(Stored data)

Definition peval (E : dfield I) (psi : k -> E) n (z : 'I_n -> E) (T : pterm n) : E :=
  deval (fun a : Ck => psi (sval a)) (fun j : Pi => dder E (sval j)) z T.

Definition combval (E : dfield I) (psi : k -> E) n (z : 'I_n -> E)
    (l : seq (k * pterm n)) : E :=
  \sum_(p <- l) psi p.1 * peval psi z p.2.

(* At a point with Lambda-constant coordinates, a derivation in Lambda only
   hits the coefficients: this writes [t] as a k-combination of Pi-terms. *)
Fixpoint expand n (t : dterm k I n) : seq (k * pterm n) :=
  match t with
  | DConst a => [:: (a, DConst Pi n (to_const 1))]
  | DVar i => [:: (1, DVar Ck Pi i)]
  | DAdd t1 t2 => expand t1 ++ expand t2
  | DOpp t1 => [seq (- p.1, p.2) | p <- expand t1]
  | DMul t1 t2 => [seq (p.1 * q.1, DMul p.2 q.2) | p <- expand t1, q <- expand t2]
  | DDer j t1 => [seq (dder k j p.1, p.2) | p <- expand t1] ++
      if (insub j : option Pi) is Some j' then [seq (p.1, DDer j' p.2) | p <- expand t1]
      else [::]
  end.

Definition lincomb (L : nzRingType) (e : k -> L) (s : seq k) (vs : seq L) : L :=
  \sum_(p <- zip s vs) e p.1 * p.2.

Definition free_over (A : k -> Prop) (L : nzRingType) (e : k -> L) (vs : seq L) :=
  forall s, size s = size vs -> {in s, forall y, A y} -> lincomb e s vs = 0 ->
  {in s, forall y, y = 0}.

Definition in_span_over (A : k -> Prop) (L : nzRingType) (e : k -> L) (v : L) (vs : seq L) :=
  exists s, [/\ size s = size vs, {in s, forall y, A y} & v = lincomb e s vs].

Local Notation cfree := (free_over (dconst Lambda)).
Local Notation in_cspan := (in_span_over (dconst Lambda)).
Local Notation kfree := (free_over (fun=> True)).

Definition vanish (E : dfield I) (psi : k -> E) n (z : 'I_n -> E) (F : seq (pterm n)) :=
  all (fun T => peval psi z T == 0) F.

Definition pcomb n (s : seq k) (Ts : seq (pterm n)) : pterm n :=
  foldr (fun p T => DAdd (DMul (DConst Pi n (to_const p.1)) p.2) T)
    (DConst Pi n (to_const 0)) (zip s Ts).

Definition absorb_into_coefs n (a : k) (l : seq (k * pterm n)) (s : seq k) :=
  [seq (p.1.1 + a * p.2, p.1.2) | p <- zip l s].

Definition absorb_into_terms n (T : pterm n) (l : seq (k * pterm n)) (s : seq k) :=
  [seq (p.1.1, DAdd p.1.2 (DMul (DConst Pi n (to_const p.2)) T)) | p <- zip l s].

Lemma unzip2_absorb_into_coefs n a (l : seq (k * pterm n)) s :
  size s = size l -> unzip2 (absorb_into_coefs a l s) = unzip2 l.
Proof. by elim: l s => [|p l IH] [|y s] //= [/IH ->]. Qed.

Lemma unzip1_absorb_into_terms n T (l : seq (k * pterm n)) s :
  size s = size l -> unzip1 (absorb_into_terms T l s) = unzip1 l.
Proof. by elim: l s => [|p l IH] [|y s] //= [/IH ->]. Qed.

Lemma combval_lincomb (E : dfield I) (psi : k -> E) n z (l : seq (k * pterm n)) :
  combval psi z l = lincomb psi (unzip1 l) [seq peval psi z T | T <- unzip2 l].
Proof.
by rewrite /combval /lincomb; elim: l => [|p l IH]; rewrite /= ?big_nil // !big_cons IH.
Qed.

Lemma combval_id_lincomb n (c : 'I_n -> k) (l : seq (k * pterm n)) :
  combval idfun c l = lincomb idfun [seq peval idfun c T | T <- unzip2 l] (unzip1 l).
Proof.
by rewrite /combval /lincomb; elim: l => [|p l IH]; rewrite /= ?big_nil // !big_cons IH mulrC.
Qed.

Lemma combval_vanish (E : dfield I) (psi : k -> E) n z (l : seq (k * pterm n)) :
  vanish psi z (unzip2 l) -> combval psi z l = 0.
Proof.
rewrite /combval; elim: l => [|p l IH] /=; first by rewrite big_nil.
by case/andP=> /eqP p0 /IH; rewrite big_cons p0 mulr0 add0r.
Qed.

Section Evaluation.
Variables (E : dfield I) (psi : k -> E).
Hypothesis psi_dmorph : dmorph psi.

HB.instance Definition _ :=
  GRing.isNmodMorphism.Build k E psi (dmorph_nmod_morphism psi_dmorph).
HB.instance Definition _ :=
  GRing.isMonoidMorphism.Build k E psi (dmorph_monoid_morphism psi_dmorph).

Lemma peval_dconst n (z : 'I_n -> E) : (forall i, dconst Lambda (z i)) ->
  forall T : pterm n, dconst Lambda (peval psi z T).
Proof.
move=> z_const; elim=> [a|i|T1 c1 T2 c2|T c|T1 c1 T2 c2|j T c] /=.
- exact: dmorph_dconst psi_dmorph _ (proj2_sig a).
- exact: z_const.
- exact: dconstD.
- exact: dconstN.
- exact: dconstM.
- exact: dconst_dder.
Qed.

Lemma expandE n (z : 'I_n -> E) : (forall i, dconst Lambda (z i)) ->
  forall t, deval psi (dder E) z t = combval psi z (expand t).
Proof.
move=> z_const; rewrite /combval.
elim=> [a|i|t1 IH1 t2 IH2|t IH|t1 IH1 t2 IH2|j t IH] /=.
- by rewrite big_seq1 /peval /= to_constE ?rmorph1 ?mulr1 //; apply: dconst1.
- by rewrite big_cons big_nil rmorph1 mul1r addr0.
- by rewrite big_cat IH1 IH2.
- by rewrite big_map IH -sumrN; apply: eq_bigr => p _; rewrite rmorphN mulNr.
- rewrite big_allpairs_dep IH1 IH2 mulr_suml; apply: eq_bigr => p _.
  by rewrite mulr_sumr; apply: eq_bigr => q _; rewrite (rmorphM psi) mulrACA.
- rewrite IH raddf_sum big_cat big_map /=.
  under eq_bigr do rewrite dder_mul -(dmorph_dder psi_dmorph).
  rewrite big_split /=; congr (_ + _).
  case: insubP => [j' _ j'E|]; first by rewrite big_map; apply: eq_bigr => p _; rewrite -j'E.
  rewrite in_setC negbK big_nil => jL.
  by rewrite big1 // => p _; rewrite (peval_dconst z_const) ?mulr0.
Qed.
(* Let $H$ be a separable infinite-dimensional Hilbert space, $2<p<\infty$, $\varepsilon>0$, and let $\{e_n\}$ be any orthonormal basis of $H$. Then there exists an operator $S\in S_{p+\varepsilon}\setminus S_p$ such that $\{\|Se_n\|\}\in\ell^p$.
   Context: For a compact operator $T$, its singular values $\lambda_1\ge\lambda_2\ge\cdots$ are the positive eigenvalues of $(T^*T)^{1/2}$, repeated according to multiplicity. For $0<p<\infty$, $S_p$ is the set of compact $T$ with $\{\lambda_n\}\in\ell^p$. *)

From Stdlib Require Import Reals Lra List.
Import ListNotations.
Open Scope R_scope.

Record Cpx := mkCpx { cre : R; cim : R }.
Definition C0 : Cpx := mkCpx 0 0.
Definition C1 : Cpx := mkCpx 1 0.
Definition RtoC (r : R) : Cpx := mkCpx r 0.
Definition Cadd (a b : Cpx) : Cpx := mkCpx (cre a + cre b) (cim a + cim b).
Definition Cmul (a b : Cpx) : Cpx :=
  mkCpx (cre a * cre b - cim a * cim b) (cre a * cim b + cim a * cre b).
Definition Cconj (a : Cpx) : Cpx := mkCpx (cre a) (- cim a).

Record Hilbert := {
  hcar :> Type;
  hzero : hcar;
  hadd : hcar -> hcar -> hcar;
  hopp : hcar -> hcar;
  hscal : Cpx -> hcar -> hcar;
  hinner : hcar -> hcar -> Cpx;
  hadd_assoc : forall x y z, hadd x (hadd y z) = hadd (hadd x y) z;
  hadd_comm : forall x y, hadd x y = hadd y x;
  hadd_0 : forall x, hadd x hzero = x;
  hadd_opp : forall x, hadd x (hopp x) = hzero;
  hscal_1 : forall x, hscal C1 x = x;
  hscal_mul : forall a b x, hscal a (hscal b x) = hscal (Cmul a b) x;
  hscal_addv : forall a x y, hscal a (hadd x y) = hadd (hscal a x) (hscal a y);
  hscal_adds : forall a b x, hscal (Cadd a b) x = hadd (hscal a x) (hscal b x);
  hinner_add_l : forall x y z, hinner (hadd x y) z = Cadd (hinner x z) (hinner y z);
  hinner_scal_l : forall a x y, hinner (hscal a x) y = Cmul a (hinner x y);
  hinner_conj : forall x y, hinner y x = Cconj (hinner x y);
  hinner_pos : forall x, 0 <= cre (hinner x x);
  hinner_def : forall x, hinner x x = C0 -> x = hzero;
  hcomplete : forall u : nat -> hcar,
    (forall eps, 0 < eps -> exists N, forall m n, (N <= m)%nat -> (N <= n)%nat ->
        sqrt (cre (hinner (hadd (u m) (hopp (u n))) (hadd (u m) (hopp (u n))))) < eps) ->
    exists l, forall eps, 0 < eps -> exists N, forall n, (N <= n)%nat ->
        sqrt (cre (hinner (hadd (u n) (hopp l)) (hadd (u n) (hopp l)))) < eps
}.

Arguments hzero {h}. Arguments hadd {h}. Arguments hopp {h}.
Arguments hscal {h}. Arguments hinner {h}.

Section Ops.
Variable H : Hilbert.

Definition hsub (x y : H) : H := hadd x (hopp y).
Definition hnorm (x : H) : R := sqrt (cre (hinner x x)).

* _Work instruction_
Print only the lines from the one with "Variable H : Hilbert." to the end of the records, both included.

* _Reply to the exercise_
Variable H : Hilbert.

Definition hsub (x y : H) : H := hadd x (hopp y).
Definition hnorm (x : H) : R := sqrt (cre (hinner x x)).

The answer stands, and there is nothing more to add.